» **TASK OBJECTIVE**
Go through the entries below and print, exactly, the lines starting at the one with "[/\ (forall X" and ending at the one with "(forall X Y (v", keeping both ends and no others.

Collected data
##########

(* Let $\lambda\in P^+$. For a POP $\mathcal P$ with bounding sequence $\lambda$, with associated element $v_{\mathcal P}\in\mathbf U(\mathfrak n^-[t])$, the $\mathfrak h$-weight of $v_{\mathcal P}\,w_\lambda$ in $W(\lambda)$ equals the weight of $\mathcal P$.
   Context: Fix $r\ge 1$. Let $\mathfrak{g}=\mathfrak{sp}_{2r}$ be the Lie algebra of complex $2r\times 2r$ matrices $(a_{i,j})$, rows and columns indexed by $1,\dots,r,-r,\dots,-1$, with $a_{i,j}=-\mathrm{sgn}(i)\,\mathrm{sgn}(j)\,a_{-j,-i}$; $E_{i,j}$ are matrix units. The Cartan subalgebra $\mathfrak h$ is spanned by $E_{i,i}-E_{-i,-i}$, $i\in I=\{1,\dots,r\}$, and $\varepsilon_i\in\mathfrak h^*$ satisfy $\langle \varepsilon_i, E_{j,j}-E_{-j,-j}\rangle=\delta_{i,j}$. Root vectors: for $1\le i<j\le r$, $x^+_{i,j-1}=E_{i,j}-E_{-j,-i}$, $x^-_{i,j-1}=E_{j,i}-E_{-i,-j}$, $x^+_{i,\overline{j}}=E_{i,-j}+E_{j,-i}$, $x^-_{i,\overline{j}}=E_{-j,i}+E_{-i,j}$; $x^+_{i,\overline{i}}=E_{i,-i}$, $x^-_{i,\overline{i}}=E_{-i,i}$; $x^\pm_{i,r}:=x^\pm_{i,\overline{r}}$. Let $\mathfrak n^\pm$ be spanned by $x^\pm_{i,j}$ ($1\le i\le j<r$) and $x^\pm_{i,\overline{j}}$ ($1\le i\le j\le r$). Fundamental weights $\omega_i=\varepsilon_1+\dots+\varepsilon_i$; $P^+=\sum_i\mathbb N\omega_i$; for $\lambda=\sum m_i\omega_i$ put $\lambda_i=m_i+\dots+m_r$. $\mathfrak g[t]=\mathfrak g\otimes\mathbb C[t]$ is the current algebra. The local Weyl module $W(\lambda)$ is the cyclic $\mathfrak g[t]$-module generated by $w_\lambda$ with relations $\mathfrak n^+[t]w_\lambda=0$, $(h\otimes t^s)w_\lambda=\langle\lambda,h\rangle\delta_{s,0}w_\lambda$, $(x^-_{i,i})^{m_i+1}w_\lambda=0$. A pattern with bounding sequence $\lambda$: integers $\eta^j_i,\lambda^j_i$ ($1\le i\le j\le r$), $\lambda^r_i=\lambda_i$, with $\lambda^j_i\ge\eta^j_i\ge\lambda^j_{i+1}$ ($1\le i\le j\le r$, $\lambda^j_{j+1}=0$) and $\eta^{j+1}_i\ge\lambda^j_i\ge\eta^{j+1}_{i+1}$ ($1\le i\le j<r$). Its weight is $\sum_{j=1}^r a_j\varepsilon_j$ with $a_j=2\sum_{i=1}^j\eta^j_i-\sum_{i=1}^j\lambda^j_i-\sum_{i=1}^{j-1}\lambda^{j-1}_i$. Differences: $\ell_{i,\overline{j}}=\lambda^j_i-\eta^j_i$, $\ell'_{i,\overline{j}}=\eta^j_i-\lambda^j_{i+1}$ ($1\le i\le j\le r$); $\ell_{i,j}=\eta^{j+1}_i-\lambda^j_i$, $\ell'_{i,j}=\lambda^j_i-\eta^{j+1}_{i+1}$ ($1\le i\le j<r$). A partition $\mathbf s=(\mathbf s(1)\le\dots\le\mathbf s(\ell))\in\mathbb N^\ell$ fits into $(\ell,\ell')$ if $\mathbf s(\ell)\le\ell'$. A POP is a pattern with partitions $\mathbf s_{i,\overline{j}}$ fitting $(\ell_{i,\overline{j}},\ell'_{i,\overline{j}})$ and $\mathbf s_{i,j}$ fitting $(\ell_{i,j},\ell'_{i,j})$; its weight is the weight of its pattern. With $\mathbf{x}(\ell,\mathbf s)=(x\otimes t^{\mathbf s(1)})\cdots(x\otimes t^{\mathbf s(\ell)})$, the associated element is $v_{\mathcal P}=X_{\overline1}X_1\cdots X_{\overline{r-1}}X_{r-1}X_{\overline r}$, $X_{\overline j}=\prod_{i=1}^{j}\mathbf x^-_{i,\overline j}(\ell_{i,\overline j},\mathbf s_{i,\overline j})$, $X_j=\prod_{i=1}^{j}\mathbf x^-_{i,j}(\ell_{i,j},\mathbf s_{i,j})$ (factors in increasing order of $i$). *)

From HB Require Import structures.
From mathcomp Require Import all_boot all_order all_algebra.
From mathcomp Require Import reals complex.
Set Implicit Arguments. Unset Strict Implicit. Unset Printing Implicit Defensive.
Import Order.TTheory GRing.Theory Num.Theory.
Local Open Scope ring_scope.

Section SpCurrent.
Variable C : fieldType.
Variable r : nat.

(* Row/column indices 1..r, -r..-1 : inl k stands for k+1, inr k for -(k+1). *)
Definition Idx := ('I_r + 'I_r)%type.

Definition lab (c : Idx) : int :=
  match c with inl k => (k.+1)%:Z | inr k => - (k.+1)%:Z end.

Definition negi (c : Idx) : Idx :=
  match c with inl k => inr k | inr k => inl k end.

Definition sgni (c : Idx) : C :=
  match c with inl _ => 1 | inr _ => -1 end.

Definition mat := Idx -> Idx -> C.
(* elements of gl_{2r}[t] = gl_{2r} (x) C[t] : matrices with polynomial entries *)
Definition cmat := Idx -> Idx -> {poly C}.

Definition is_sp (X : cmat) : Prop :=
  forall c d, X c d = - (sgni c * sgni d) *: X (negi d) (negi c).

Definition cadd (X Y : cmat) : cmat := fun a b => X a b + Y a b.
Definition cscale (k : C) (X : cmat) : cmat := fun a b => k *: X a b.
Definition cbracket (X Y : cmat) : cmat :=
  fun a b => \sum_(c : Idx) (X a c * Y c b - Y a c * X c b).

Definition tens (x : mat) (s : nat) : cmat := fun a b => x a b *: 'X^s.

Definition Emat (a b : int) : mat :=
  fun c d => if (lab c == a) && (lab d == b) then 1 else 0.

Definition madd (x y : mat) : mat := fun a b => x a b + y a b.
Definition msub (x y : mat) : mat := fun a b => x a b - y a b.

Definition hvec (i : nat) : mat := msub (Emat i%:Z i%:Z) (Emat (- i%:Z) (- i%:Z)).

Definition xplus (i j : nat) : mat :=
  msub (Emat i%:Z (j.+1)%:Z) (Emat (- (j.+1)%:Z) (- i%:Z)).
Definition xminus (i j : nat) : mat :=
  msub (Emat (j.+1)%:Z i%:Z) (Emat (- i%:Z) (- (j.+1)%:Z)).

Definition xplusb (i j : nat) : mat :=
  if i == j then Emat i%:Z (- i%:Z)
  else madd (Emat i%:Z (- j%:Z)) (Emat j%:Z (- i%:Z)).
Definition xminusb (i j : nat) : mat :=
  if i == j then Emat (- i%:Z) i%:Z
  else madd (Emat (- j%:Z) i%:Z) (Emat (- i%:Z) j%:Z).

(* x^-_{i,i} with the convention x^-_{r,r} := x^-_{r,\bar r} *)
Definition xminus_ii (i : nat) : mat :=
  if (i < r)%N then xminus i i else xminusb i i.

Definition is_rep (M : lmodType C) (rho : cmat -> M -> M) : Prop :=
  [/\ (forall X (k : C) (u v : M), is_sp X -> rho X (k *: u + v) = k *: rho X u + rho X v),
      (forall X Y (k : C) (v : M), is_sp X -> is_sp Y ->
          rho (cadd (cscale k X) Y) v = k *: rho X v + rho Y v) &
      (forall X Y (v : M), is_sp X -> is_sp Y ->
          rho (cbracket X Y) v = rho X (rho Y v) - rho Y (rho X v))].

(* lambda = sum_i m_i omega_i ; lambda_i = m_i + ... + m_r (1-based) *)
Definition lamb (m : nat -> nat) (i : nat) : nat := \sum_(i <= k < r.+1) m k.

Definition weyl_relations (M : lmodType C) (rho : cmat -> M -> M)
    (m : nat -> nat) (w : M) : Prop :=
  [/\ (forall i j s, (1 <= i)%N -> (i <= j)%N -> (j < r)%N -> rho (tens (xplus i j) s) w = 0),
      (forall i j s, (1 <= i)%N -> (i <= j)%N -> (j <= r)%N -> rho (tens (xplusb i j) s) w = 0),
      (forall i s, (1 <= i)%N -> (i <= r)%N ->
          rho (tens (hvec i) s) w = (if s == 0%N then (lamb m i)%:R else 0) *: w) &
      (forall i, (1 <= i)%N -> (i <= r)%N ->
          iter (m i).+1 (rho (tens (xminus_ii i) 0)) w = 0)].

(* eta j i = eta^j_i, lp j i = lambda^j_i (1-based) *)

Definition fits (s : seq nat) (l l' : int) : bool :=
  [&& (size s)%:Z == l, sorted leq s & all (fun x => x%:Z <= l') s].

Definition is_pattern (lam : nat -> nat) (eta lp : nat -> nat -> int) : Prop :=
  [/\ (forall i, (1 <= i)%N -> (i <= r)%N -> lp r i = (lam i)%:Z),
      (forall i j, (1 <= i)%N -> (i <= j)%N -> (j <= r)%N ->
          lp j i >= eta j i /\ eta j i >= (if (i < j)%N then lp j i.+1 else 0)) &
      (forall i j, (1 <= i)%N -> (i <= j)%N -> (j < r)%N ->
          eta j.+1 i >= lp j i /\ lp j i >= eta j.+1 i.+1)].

##########

» **REPLY**
  [/\ (forall X (k : C) (u v : M), is_sp X -> rho X (k *: u + v) = k *: rho X u + rho X v),
      (forall X Y (k : C) (v : M), is_sp X -> is_sp Y ->
          rho (cadd (cscale k X) Y) v = k *: rho X v + rho Y v) &
      (forall X Y (v : M), is_sp X -> is_sp Y ->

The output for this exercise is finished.